Translational Research of Leptin in Lipodystrophy and Its Related Diseases

Leptin, an adipocyte-derived hormone, plays crucial roles in the regulation of energy expenditure and food intake. Through analyses of leptin transgenic mice, we have demonstrated that leptin has pleiotropic effects such as regulation of insulin sensitivity and lipid metabolism. Lipodystrophy is a disease characterized by a lack of adipose tissue, which leads to metabolic disorders including insulin resistant diabetes, hypertriglyceridemia, and fatty liver. We demonstrated that leptin deficiency plays an important role in the pathogenesis of metabolic disorders in lipodystrophy. We also demonstrated the efficacy of leptin replacement therapy in lipodystrophy. Leptin improves insulin sensitivity at least partly by cancellation of lipotoxicity in the liver and skeletal muscle. It is also possible that leptin improves insulin secretion by cancellation of lipotoxicity in pancreatic beta cells.
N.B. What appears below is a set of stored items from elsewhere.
(* Let $a\geq 3$ and $m\geq 2a^2-a+2$ be integers, and suppose $[C(m,a)]$ is colored with red and blue so that there is no monochromatic solution of $L(m,a)$ in $[C(m,a)]$, with both $a-2$ and $a-1$ red. Then $2$ is red.
   Context: For integers $m\geq 3$, $a\geq 1$, $L(m,a)$ denotes the equation $x_1+x_2+\cdots+x_{m-1}=a x_m$. For a positive integer $n$, $[n]=\{1,\dots,n\}$. A solution of $L(m,a)$ in $[n]$ is an $m$-tuple $(x_1,\dots,x_m)\in[n]^m$ (entries not necessarily distinct) satisfying the equation; given a 2-coloring of $[n]$, it is monochromatic if all $x_i$ have the same color. $C(m,a)$ denotes $\left\lceil \frac{m-1}{a}\left\lceil \frac{m-1}{a}\right\rceil\right\rceil$. *)

From mathcomp Require Import all_boot.
Unset Printing Implicit Defensive.

Definition ceil_div (p q : nat) : nat := (p + q - 1) %/ q.

Definition Cma (m a : nat) : nat := ceil_div ((m - 1) * ceil_div (m - 1) a) a.

(* A 2-coloring of [n]: col : nat -> bool (true = red, false = blue);
   only its values on [n] matter. *)

(* A solution of L(m,a) in [n]: (x_1..x_{m-1}) given by y : 'I_(m-1) -> nat,
   and x_m = z, with all entries in [1,n]. *)
Definition is_solution (m a n : nat) (y : 'I_(m - 1) -> nat) (z : nat) : Prop :=
  (forall i, 1 <= y i <= n) /\ 1 <= z <= n /\
  \sum_(i < m - 1) y i = a * z.

Definition monochromatic (m : nat) (col : nat -> bool)
    (y : 'I_(m - 1) -> nat) (z : nat) : Prop :=
  forall i, col (y i) = col z.

Definition no_mono_solution (m a n : nat) (col : nat -> bool) : Prop :=
  forall (y : 'I_(m - 1) -> nat) (z : nat),
    @is_solution m a n y z -> ~ @monochromatic m col y z.

From mathcomp Require Import all_boot zify.

Set Implicit Arguments.
Unset Strict Implicit.

(* Write k = m - 1 (the number of summands on the left of
   L(m,a)) and n = C(m,a); the hypothesis on m gives a^2 <= k <= n.
   1. If u and u+1 share a colour, then every w with k u <= a w <= k (u+1)
      gets the other colour: otherwise t copies of u+1 and k-t copies of u
      (t = a w - k u) together with x_m = w form a monochromatic solution.
      With u = a-2 this makes every w in [k(a-2)/a, k(a-1)/a] blue.
   2. Let U = floor(k(a-1)/a), W = a U - 2(k-(a-2)), and divide
      W = (a-2) q + s with s < a-2.  Arithmetic shows q + [s > 0] <= U and
      k(a-2) <= a q, so q, q+1 (when s > 0) and U are all blue.
   3. If 2 were blue (and a >= 4; for a = 3 the claim is a hypothesis),
      the k numbers consisting of a-2 entries q or q+1 (s of them q+1) and
      k-(a-2) twos would sum to a U: a blue solution, a contradiction. *)

Lemma sum_threshold n t A B : t <= n ->
  \sum_(i < n) (if i < t then A else B) = t * A + (n - t) * B.
Proof.
move=> tn.
rewrite -(big_mkord xpredT (fun i => if i < t then A else B)).
rewrite (@big_cat_nat _ _ _ t 0 n _ _ (leq0n t) tn) /=.
rewrite (@eq_big_nat _ _ _ 0 t _ (fun _ => A)); last by move=> i /andP[_ ->].
rewrite (@eq_big_nat _ _ _ t n _ (fun _ => B)); last first.
  by move=> i /andP[ti _]; rewrite ltnNge ti.
by rewrite !sum_nat_const_nat subn0.
Qed.

Lemma le_Cma m a : 0 < a -> a * a <= m - 1 -> m - 1 <= Cma m a.
Proof.
move=> a_gt0 ha; rewrite /Cma /ceil_div.
set k := m - 1.
have a_le : a <= (k + a - 1) %/ a by rewrite leq_divRL //; lia.
have : k * a <= k * ((k + a - 1) %/ a) + a - 1.
  by have := leq_mul (leqnn k) a_le; lia.
by move/(leq_div2r a); rewrite mulnK.
Qed.

Lemma no_mono_between m a n col u w :
  no_mono_solution m a n col -> 0 < u -> u < n -> col u = col u.+1 ->
  (m - 1) * u <= a * w <= (m - 1) * u.+1 -> 0 < w <= n -> col w != col u.
Proof.
move=> hno u_gt0 u_lt_n same /andP[lo hi] w_range; apply/negP => /eqP same_w.
set t := a * w - (m - 1) * u.
have t_le : t <= m - 1 by rewrite /t; nia.
apply: (hno (fun i : 'I_(m - 1) => if i < t then u.+1 else u) w).
- split; [|split] => //.
  + by move=> i; case: ifP => _; lia.
  + by rewrite sum_threshold // /t; nia.
- by move=> i /=; rewrite same_w; case: ifP.
Qed.

Lemma flip_interval m a col w :
  4 <= a -> a * a <= m - 1 -> no_mono_solution m a (Cma m a) col ->
  col (a - 2) = col (a - 1) -> (m - 1) * (a - 2) <= a * w <= (m - 1) * (a - 1) ->
  col w != col (a - 2).
Proof.
move=> a_ge4 k_large hno same /andP[lo hi].
have k_le_n : m - 1 <= Cma m a by apply: le_Cma; lia.
have a_pred : (a - 2).+1 = a - 1 by lia.
apply: (no_mono_between hno); rewrite ?a_pred ?lo ?hi //; first by lia.
- by apply: leq_trans k_le_n; nia.
- by apply/andP; split; [|apply: leq_trans k_le_n]; nia.
Qed.

Definition cap (a k : nat) : nat := k * (a - 1) %/ a.
Definition excess (a k : nat) : nat := a * cap a k - 2 * (k - (a - 2)).

(* The i-th summand of the final construction: a-2 entries q, the first s of
   them raised to q+1, followed by twos. *)
Definition entry (a k i : nat) : nat :=
  (i < excess a k %% (a - 2)) + (if i < a - 2 then excess a k %/ (a - 2) else 2).

Section ExcessDivision.
Variables a k : nat.
Hypotheses (a_ge4 : 4 <= a) (k_large : a * a <= k).

Local Notation U := (cap a k).
Local Notation q := (excess a k %/ (a - 2)).
Local Notation s := (excess a k %% (a - 2)).

Lemma cap_bounds : k * (a - 1) <= a * U + (a - 1) /\ a * U <= k * (a - 1).
Proof.
have a_gt0 : 0 < a by lia.
have := divn_eq (k * (a - 1)) a; have := ltn_pmod (k * (a - 1)) a_gt0.
rewrite -/(cap a k); lia.
Qed.

Lemma cap_le : 2 * (k - (a - 2)) <= a * U /\ U <= k - (a - 2).
Proof. have [lo hi] := cap_bounds; split; nia. Qed.

Lemma excess_decomp : (a - 2) * q + s + 2 * (k - (a - 2)) = a * U.
Proof.
have [twos _] := cap_le; have := divn_eq (excess a k) (a - 2).
rewrite /excess; lia.
Qed.

Lemma rem_lt : s < a - 2.
Proof. by apply: ltn_pmod; lia. Qed.

(* (a-2) q >= k(a-3), hence a q >= k(a-2) because a(a-3) >= (a-2)^2. *)
Lemma quot_low : k * (a - 2) <= a * q.
Proof.
have [lo _] := cap_bounds; move: lo excess_decomp rem_lt.
move: (cap a k) (excess a k %/ (a - 2)) (excess a k %% (a - 2)) => u x r.
have [b a_eq] : exists b, a = b + 4 by exists (a - 4); lia.
rewrite a_eq; have [-> ->] : b + 4 - 1 = b + 3 /\ b + 4 - 2 = b + 2 by lia.
move=> lo hdec hr; have twos : k - (b + 2) + (b + 2) = k by nia.
have base : k * (b + 1) <= (b + 2) * x by nia.
have : (b + 2) * (k * (b + 2)) <= (b + 2) * ((b + 4) * x) by nia.
rewrite leq_pmul2l //; lia.
Qed.

Lemma quot_le_cap : q + (0 < s) <= U.
Proof.
have [twos capK] := cap_le; have := excess_decomp.
have a2_gt0 : 0 < a - 2 by lia.
move=> hdec; have bound : (a - 2) * q + s <= (a - 2) * U by nia.
case: (posnP s) => [s0|s_gt0] /=.
- rewrite s0 addn0 in bound; rewrite addn0 -(leq_pmul2l a2_gt0); lia.
- rewrite addn1 -(ltn_pmul2l a2_gt0); lia.
Qed.

Lemma quot_pos : 0 < q.
Proof. by rewrite lt0n; apply/eqP => q0; move: quot_low; rewrite q0; nia. Qed.

Lemma entry_cases i : entry a k i = 2 \/ q <= entry a k i <= U.
Proof.
have := quot_le_cap; have := rem_lt; rewrite /entry.
case: ifP => i_small; last by left; case: (ltnP i s) => // i_s; lia.
by right; case: (ltnP i s) => i_s /=; lia.
Qed.

Lemma sum_entry : \sum_(i < k) entry a k i = a * U.
Proof.
have := excess_decomp; have := rem_lt; have [twos _] := cap_le; rewrite /entry.
move=> hs hdec; rewrite big_split /= (sum_threshold 1 0 (_ : s <= k)); last by nia.
rewrite sum_threshold; nia.
Qed.

End ExcessDivision.

Theorem lemma6 (m a : nat) (col : nat -> bool) :
  3 <= a ->
  2 * a ^ 2 - a + 2 <= m ->
  no_mono_solution m a (Cma m a) col ->
  col (a - 2) = true ->
  col (a - 1) = true ->
  col 2 = true.
Proof.
move=> a_ge3 m_large hno red_a2 red_a1.
have [a3 | a_ge4] : a = 3 \/ 4 <= a by lia.
  by rewrite a3 in red_a1.
case col2: (col 2) => //; exfalso.
set k := m - 1.
have k_large : a * a <= k by rewrite /k; move: m_large; rewrite expnS expn1; nia.
have k_le_n : k <= Cma m a by apply: le_Cma; lia.
have two_le_k : 2 <= k by nia.
have [_ U_high] := cap_bounds a_ge4 k_large; have [_ U_le] := cap_le a_ge4 k_large.
have q_low := quot_low a_ge4 k_large; have q_pos := quot_pos a_ge4 k_large.
have q_le_U := leq_trans (leq_addr _ _) (quot_le_cap a_ge4 k_large).
set U := cap a k in U_high U_le q_le_U *.
set q := excess a k %/ (a - 2) in q_low q_pos q_le_U *.
have blue : forall w, q <= w <= U -> col w = false.
  move=> w /andP[qw wU].
  suff : col w != col (a - 2) by rewrite red_a2; case: (col w).
  apply: flip_interval a_ge4 k_large hno _ _; first by rewrite red_a2 red_a1.
  by apply/andP; split; [apply: leq_trans q_low _ | apply: leq_trans U_high];
    rewrite leq_mul2l ?qw ?wU orbT.
apply: (hno (fun i : 'I_(m - 1) => entry a k i) U).
- split; [|split]; last exact: sum_entry.
  + move=> i; case: (entry_cases a_ge4 k_large i) => [->|]; rewrite -/q -/U;
    by clearbody q U; lia.
  + by clearbody q U; lia.
- move=> i /=; rewrite (blue U) ?q_le_U ?leqnn //.
  by case: (entry_cases a_ge4 k_large i) => [->|/blue].
Qed.
(* In the unitization, r = e r + r e - e r e says (1 - e) r (1 - e) = 0.  Since
   1 - x a = (1 - x) + x (1 - a) and 1 - b y = (1 - b) + b (1 - y), the pairs
   (x, y) with (1 - x) R (1 - y) = 0 are stable under multiplying either entry
   by e, which gives (1).
   Taking r = e^n shows that e, e^2, e^3, ... is an arithmetic progression; when
   e is contractive it is bounded, hence constant over an archimedean field, so
   e^2 = e and |e| <= |e|^2 <= 1 forces |e| to be 0 or 1.
   In an operator algebra, r = e makes w = e (e x) - e x a fixed vector of e with
   e (e x) = e x + w; a contraction has no such Jordan block, so e is idempotent,
   and a contractive idempotent on a Hilbert space is an orthogonal projection.
   For two such projections e and f, the relation for e at r = f shows that
   f u = e (f u) whenever e u = 0, so |f u|^2 = <u, f u> = <e u, f u> = 0.  Thus
   f e = f, likewise e f = e, and self-adjointness gives e = f. *)

Lemma subr_midpoint (V : zmodType) (x y z : V) : x = y + y - z -> z - y = y - x.
Proof. by move=> ->; rewrite opprB addrCA opprD addNKr. Qed.

Section NonUnitalRing.
Variables (R : zmodType) (mul : R -> R -> R).
Hypotheses (mulA : associative mul) (mulDl : left_distributive mul +%R)
  (mulDr : right_distributive mul +%R).

Lemma nu_mulBl x y z : mul (x - y) z = mul x z - mul y z.
Proof. by apply: (addIr (mul y z)); rewrite -mulDl !subrK. Qed.

Lemma nu_mulBr x y z : mul z (x - y) = mul z x - mul z y.
Proof. by apply: (addIr (mul z y)); rewrite -mulDr !subrK. Qed.

Lemma nu_mulr0 x : mul x 0 = 0.
Proof. by apply: (addIr (mul x 0)); rewrite -mulDr !add0r. Qed.

(* [lcompl x r] and [rcompl y r] stand for (1 - x) r and r (1 - y) in the unitization. *)
Definition lcompl x r := r - mul x r.
Definition rcompl y r := r - mul r y.

Definition quasi_unit_pair x y := forall r, rcompl y (lcompl x r) = 0.

Lemma quasi_unit_pairE e r :
  (rcompl e (lcompl e r) == 0) = (r == mul e r + mul r e - mul (mul e r) e).
Proof. by rewrite /rcompl /lcompl nu_mulBl subr_eq0 subr_eq addrC addrA. Qed.

Lemma quasi_identityE e : quasi_identity mul e <-> quasi_unit_pair e e.
Proof.
split=> qe r; apply/eqP; first by rewrite quasi_unit_pairE; apply/eqP.
by rewrite -quasi_unit_pairE; apply/eqP.
Qed.

Lemma lcompl_mul x a r : lcompl (mul x a) r = lcompl x r + mul x (lcompl a r).
Proof. by rewrite /lcompl nu_mulBr mulA addrA subrK. Qed.

Lemma rcompl_mul b y s : rcompl (mul b y) s = rcompl b s + rcompl y (mul s b).
Proof. by rewrite /rcompl mulA addrA subrK. Qed.

Lemma rcomplD y s t : rcompl y (s + t) = rcompl y s + rcompl y t.
Proof. by rewrite /rcompl mulDl opprD addrACA. Qed.

Lemma rcompl_mull x y s : rcompl y (mul x s) = mul x (rcompl y s).
Proof. by rewrite /rcompl nu_mulBr mulA. Qed.

Lemma lcompl_mulr x y s : lcompl x (mul s y) = mul (lcompl x s) y.
Proof. by rewrite /lcompl nu_mulBl mulA. Qed.

Lemma quasi_unit_pair_mull x a y :
  quasi_unit_pair x y -> quasi_unit_pair a y -> quasi_unit_pair (mul x a) y.
Proof.
by move=> xy ay r; rewrite lcompl_mul rcomplD rcompl_mull xy ay nu_mulr0 addr0.
Qed.

Lemma quasi_unit_pair_mulr x y b :
  quasi_unit_pair x y -> quasi_unit_pair x b -> quasi_unit_pair x (mul y b).
Proof. by move=> xy xb r; rewrite rcompl_mul -lcompl_mulr xy xb addr0. Qed.

Lemma quasi_unit_pair_iter e : quasi_unit_pair e e ->
  forall m n, quasi_unit_pair (iter m (mul e) e) (iter n (mul e) e).
Proof.
move=> ee; have e_pair n : quasi_unit_pair e (iter n (mul e) e).
  by elim: n => [|n IHn] //=; apply: quasi_unit_pair_mulr.
by elim=> [|m IHm] n //=; apply: quasi_unit_pair_mull (e_pair n) (IHm n).
Qed.

Lemma quasi_identity_qpow e :
  quasi_identity mul e -> forall n, (0 < n)%N -> quasi_identity mul (qpow mul e n).
Proof.
by move=> /quasi_identityE qe [|n] // _; apply/quasi_identityE/quasi_unit_pair_iter.
Qed.

Lemma iter_mulC e n : mul (iter n (mul e) e) e = mul e (iter n (mul e) e).
Proof. by elim: n => [|n IHn] //=; rewrite -mulA IHn. Qed.

Lemma quasi_identity_iter_arithmetic e : quasi_identity mul e ->
  forall n, iter n.+2 (mul e) e - iter n.+1 (mul e) e
            = iter n.+1 (mul e) e - iter n (mul e) e.
Proof.
move=> qe n; apply: subr_midpoint.
by rewrite {1}[iter n _ _]qe iter_mulC -/(iter n.+1 _ _) iter_mulC.
Qed.

End NonUnitalRing.

Lemma arithmeticE (V : zmodType) (p : nat -> V) :
  (forall n, p n.+2 - p n.+1 = p n.+1 - p n) ->
  forall n, p n = p 0%N + (p 1%N - p 0%N) *+ n.
Proof.
move=> step; have diff n : p n.+1 - p n = p 1%N - p 0%N.
  by elim: n => [|n IHn] //; rewrite step.
elim=> [|n IHn]; first by rewrite addr0.
by rewrite mulrSr addrA -IHn -(diff n) addrC subrK.
Qed.

Lemma archi_mulrn_le_eq0 (K : archiNumFieldType) (x c : K) :
  0 <= x -> (forall n, x *+ n <= c) -> x = 0.
Proof.
move=> x_ge0 le_c; apply/eqP; apply: contraT => x_neq0.
have x_gt0 : 0 < x by rewrite lt_def x_neq0.
have c_ge0 : 0 <= c := le_c 0%N.
have := archi_boundP (divr_ge0 c_ge0 x_ge0).
rewrite ltr_pdivrMr // mulr_natl => /lt_le_trans/(_ (le_c _)).
by rewrite ltxx.
Qed.

Lemma bounded_arithmetic_const (K : archiNumFieldType) (V : normedZmodType K)
    (p : nat -> V) (M : K) :
  (forall n, p n.+2 - p n.+1 = p n.+1 - p n) -> (forall n, `|p n| <= M) ->
  p 1%N = p 0%N.
Proof.
move=> step le_M; apply/eqP; rewrite -subr_eq0 -normr_eq0; apply/eqP.
apply: (@archi_mulrn_le_eq0 _ _ (M + M)) => // n.
rewrite -normrMn; have -> : (p 1%N - p 0%N) *+ n = p n - p 0%N.
  by rewrite (arithmeticE step n) [RHS]addrC addKr.
by apply: le_trans (ler_normB _ _) _; apply: lerD.
Qed.

Lemma le_mulrr_le1 (K : numDomainType) (x : K) :
  0 <= x -> x <= 1 -> x <= x * x -> x = 0 \/ x = 1.
Proof.
move=> x_ge0 x_le1 x_le_sqr; have [->|x_neq0] := eqVneq x 0; [by left | right].
have x_gt0 : 0 < x by rewrite lt_def x_neq0.
by apply: le_anti; rewrite x_le1 -(ler_pM2l x_gt0) mulr1.
Qed.

Section NormedAlgebra.
Variables (K : archiNumFieldType) (A : normedZmodType K) (mul : A -> A -> A).
Hypotheses (mulA : associative mul) (ler_normM : forall a b, `|mul a b| <= `|a| * `|b|).
Variable e : A.
Hypotheses (qe : quasi_identity mul e) (e_le1 : `|e| <= 1).

Lemma contractive_quasi_identity_idem : mul e e = e.
Proof.
have norm_pow n : `|iter n (mul e) e| <= 1.
  elim: n => [|n IHn] //=; apply: le_trans (ler_normM _ _) _.
  by rewrite -[1](mulr1 1) ler_pM.
exact: (@bounded_arithmetic_const _ _ (fun n => iter n (mul e) e) 1
  (quasi_identity_iter_arithmetic mulA qe) norm_pow).
Qed.

Lemma contractive_quasi_identity_norm : `|e| = 0 \/ `|e| = 1.
Proof.
apply: le_mulrr_le1 => //.
by rewrite -{1}contractive_quasi_identity_idem ler_normM.
Qed.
Using animal models, we demonstrated that leptin activates hepatic AMP-activated protein kinase (AMPK), and hepatic AMPK activation is involved in the therapeutic effects of leptin. To elucidate the pathogenic mechanism of hyperphagia in lipodystrophy, we measured food-related neural activity by fMRI and investigated subjective feelings of appetite. We found insufficiency of postprandial suppression of food-related neural activity and formation of satiety feelings in patients with lipodystrophy, which might be largely due to leptin deficiency. In March 2013, marketing and manufacturing approval was granted for metreleptin for the treatment of lipodystrophy in Japan on the basis of the results of our investigator-initiated trial. This is the first global approval of leptin formulation. Leptin has potential as a drug for the treatment of more common metabolic diseases including diabetes, hyperlipidemia, and fatty liver.